Consider another string analogy. Imagine that you and I have identical lengths of string with knots at equal intervals along them. Imagine that I lay mine down while pulling on both ends and that I challenge you to arrange the knots of your string exactly next to the knots on mine. If you try to place your knots one by one, you cannot succeed. Placing any individual knot in place will cause you to pull any previously placed ones out of alignment. One way you can get around this would be by nailing the knots in place one by one. If you did this, however, the knots would never quite line up in a straight line, since your eye would always do this imperfectly. Another way to proceed would be to cut the knots out and then place them individually. While this might work, it would be a laborious process and the knots could never form a single unit of energy. The best way to proceed is to copy my procedure rather than to try to directly copy the result. You simply tug on both ends of your string and miraculously the knots will line up in a perfect straight line at the exact same intervals as mine.
Notice that in my analogy, the process of tugging on both ends of the string applies movement energy to each individual knot; however, this is done in a holistic way. It is integrated force, rather than local force. The question is not whether to use force or how much force to use, but how to use it.
Notice also that calibrating the amount of effort one uses in tugging on the string is almost irrelevant. The only caveats are that one must tug hard enough for one’s pulling energy to reach each knot and that one must allow the string to move freely. On the other hand, any attempt to hold a portion of the string and place an individual knot will not succeed, no matter how “gently” one proceeds. Cutting the rope and disconnecting the knots eliminates all “tension” in the system, but is less efficient in lining them up than applying movement energy to the system as a whole. Think of the knots as the joints and the string as the tendons and sinews. Think of nailing the knots in place as using the muscles to force the bones to stay in particular alignments. Think of cutting the string as letting the muscles go slack and trying to use no muscular force at all.
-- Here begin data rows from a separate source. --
Lemma gts_graph_path_rev x y :
  gts_graph e u v w (path_rev x) (path_rev y) =
  move_nbrs e u v (fun t => e u t && (t != path_nbr)) x y.
Proof.
have [/c_index[b b_le ->]|yc] := boolP (y \in c); last exact: path_rev_move_out.
have [/c_index[a a_le ->]|xc] := boolP (x \in c); last first.
  by rewrite gts_graphE move_nbrs_sym // [RHS]move_nbrs_sym // path_rev_move_out ?mem_c.
rewrite !path_rev_nth // gts_graphE !move_nbrs_notin ?Sv_c ?Su_c ?mem_c ?leq_subr //.
by rewrite !c_adj ?leq_subr //; apply/idP/idP => /orP[] /eqP ?; apply/orP; lia.
Qed.

End GtsPath.

Local Open Scope ring_scope.

Section Rayleigh.
Variables (R : realType) (n : nat).
Implicit Types (A B M : 'M[R]_n) (c x y : 'rV[R]_n) (l : R).

Definition qform M x : R := (x *m M *m x^T) 0 0.
Definition sqnorm x : R := qform 1%:M x.
Definition rayleigh_ub M l := forall x, qform M x <= l * sqnorm x.

Let mx11D (A B : 'M[R]_1) : (A + B) 0 0 = A 0 0 + B 0 0.
Proof. by rewrite mxE. Qed.

Let mx11Z a (A : 'M[R]_1) : (a *: A) 0 0 = a * A 0 0.
Proof. by rewrite mxE. Qed.

Lemma qformE M x : qform M x = \sum_j \sum_i x 0 i * M i j * x 0 j.
Proof.
by rewrite /qform !mxE; apply: eq_bigr => j _; rewrite !mxE mulr_suml.
Qed.
Definition score (x : {ffun 'I_n -> 'I_d}) : R :=
  \sum_(i : 'I_n) th1 i (x i) + \sum_(e in E) th2 e.1 e.2 (x e.1) (x e.2).
Definition is_MAP (x : {ffun 'I_n -> 'I_d}) : Prop :=
  forall x' : {ffun 'I_n -> 'I_d}, score x' <= score x.
End SheraliAdams.

From HB Require Import structures.
From mathcomp Require Import all_boot all_order all_algebra.
From mathcomp Require Import reals exp.
From mathcomp Require Import ring lra.
From Stdlib Require Import Classical.
Set Implicit Arguments. Unset Strict Implicit. Unset Printing Implicit Defensive.
Import Order.TTheory GRing.Theory Num.Theory.
Local Open Scope ring_scope.

(* Tightness makes the unique C-optimal vertex V of L_m integral, so V is the
   indicator point of an assignment.  L_m is a bounded polytope in standard form,
   so a non-extreme point of L_m lies strictly between two points of L_m of smaller
   support; induction on the support gives
     Delta * (1 - Gamma p) <= <C, Gamma> - <C, V>
   for every Gamma in L_m and every entry p with V p = 1.  The entropy of a point
   of L_m lies between 0 and the number N <= m n^m d^m of entries, hence
   <C, Gamma*> - <C, V> <= N / eta < Delta / 2.  So Gamma* gives mass above 1/2 to
   the label chosen by V at each vertex, the argmax assignment is the assignment
   of V, and it is MAP because V maximizes <theta, .> over L_m. *)

Lemma convex_comb_eq0 (R : realFieldType) (t a b : R) : 0 < t < 1 -> 0 <= a -> 0 <= b ->
  t * a + (1 - t) * b = 0 -> a = 0 /\ b = 0.
Proof. move=> /andP[t0 t1] a0 b0 h; split; nra. Qed.

Section StandardFormPolytope.
Variables (R : realFieldType) (T : finType) (P : {ffun T -> R} -> Prop).

Definition shift (x : {ffun T -> R}) (s : R) (A B : {ffun T -> R}) : {ffun T -> R} :=
  [ffun y => x y + s * (A y - B y)].

Hypothesis P_ge0 : forall x y, P x -> 0 <= x y.
Hypothesis P_shift : forall x A B s, P x -> P A -> P B ->
  (forall y, 0 <= x y + s * (A y - B y)) -> P (shift x s A B).
(* Stands in for boundedness: every nonzero direction A - B of P has a negative
   coordinate. *)
Hypothesis P_antichain : forall A B, P A -> P B -> (forall y, A y <= B y) -> A = B.

Definition extreme (G : {ffun T -> R}) : Prop :=
  P G /\
  forall (A B : {ffun T -> R}) (t : R), P A -> P B ->
    0 < t < 1 -> (forall y, G y = t * A y + (1 - t) * B y) -> A = B.

Definition supp (x : {ffun T -> R}) : {set T} := [set y | x y != 0].

Lemma extreme_or_split x : P x -> extreme x \/
  exists A B t, [/\ P A, P B, 0 < t < 1,
                   forall y, x y = t * A y + (1 - t) * B y & A != B].
Proof.
move=> Px; case: (classic (exists A B t, [/\ P A, P B, 0 < t < 1,
                   forall y, x y = t * A y + (1 - t) * B y & A != B])); first by right.
move=> no_split; left; split=> // A B t PA PB t01 xE; apply: NNPP => /eqP AB.
by apply: no_split; exists A, B, t.
Qed.

Lemma exists_lt_of_neq A B : P A -> P B -> A != B -> exists y, A y < B y.
Proof.
move=> PA PB /eqP AB; apply: NNPP => no_lt; apply: AB.
apply/esym/P_antichain => // y; rewrite leNgt; apply/negP => lt.
by apply: no_lt; exists y.
Qed.

Lemma shrink_support x A B : P x -> P A -> P B ->
    (forall y, x y = 0 -> A y = B y) -> (exists y, A y < B y) ->
  exists2 s, 0 < s & P (shift x s A B) /\
                     (#|supp (shift x s A B)| < #|supp x|)%N.
Proof.
move=> Px PA PB same0 [y0 lt0].
have [z /= ltz zmin] := @arg_minP _ R T y0 [pred y | A y < B y]
  (fun y => x y / (B y - A y)) lt0.
have xz_neq0 : x z != 0 by apply: contraTneq ltz => /same0 ->; rewrite ltxx.
have xz_gt0 : 0 < x z by rewrite lt_def xz_neq0 P_ge0.
have Bz_gt0 : 0 < B z - A z by rewrite subr_gt0.
set s := x z / (B z - A z).
have s_gt0 : 0 < s by rewrite divr_gt0.
exists s => //; split.
  apply: P_shift => // y; case: (ltP (A y) (B y)) => [lty|BA].
    have := zmin y lty; rewrite ler_pdivlMr ?subr_gt0 // => h.
    rewrite /s; nra.
  by have := P_ge0 y Px; nra.
apply/proper_card/properP; split.
  apply/subsetP => y; rewrite !inE ffunE; apply: contraNN => /eqP xy0.
  by rewrite xy0 (same0 _ xy0) subrr mulr0 addr0.
exists z; rewrite !inE ?xz_neq0 // ffunE negbK /s.
by apply/eqP; field; rewrite gt_eqF.
Qed.

Variables (C : {ffun T -> R} -> R) (V : {ffun T -> R}) (p : T) (Delta : R).
Hypothesis C_shift : forall x s A B, C (shift x s A B) = C x + s * (C A - C B).
Hypothesis Delta_ge0 : 0 <= Delta.
Hypothesis Vp : V p = 1.
Hypothesis V_unique : forall W, extreme W -> (forall G, P G -> C W <= C G) -> W = V.
Hypothesis V_gap : forall W, extreme W -> ~ (forall G, P G -> C W <= C G) ->
  Delta <= C W - C V.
I began this post in a philosophical way and now wonder whether this was the best approach. Rather than wipe all this out and start afresh (and risk carpal tunnel syndrome), I may at some later date try to walk through a portion of a “simple” posture like High Pat on Horse (Gao tan ma). I think I can explain how that posture can be performed in a way that is physically different from what a practitioner of an “external martial art” would do and how trying to copy the externals without attending to internals such as Yi will not succeed in methods like those taught by the Yangs.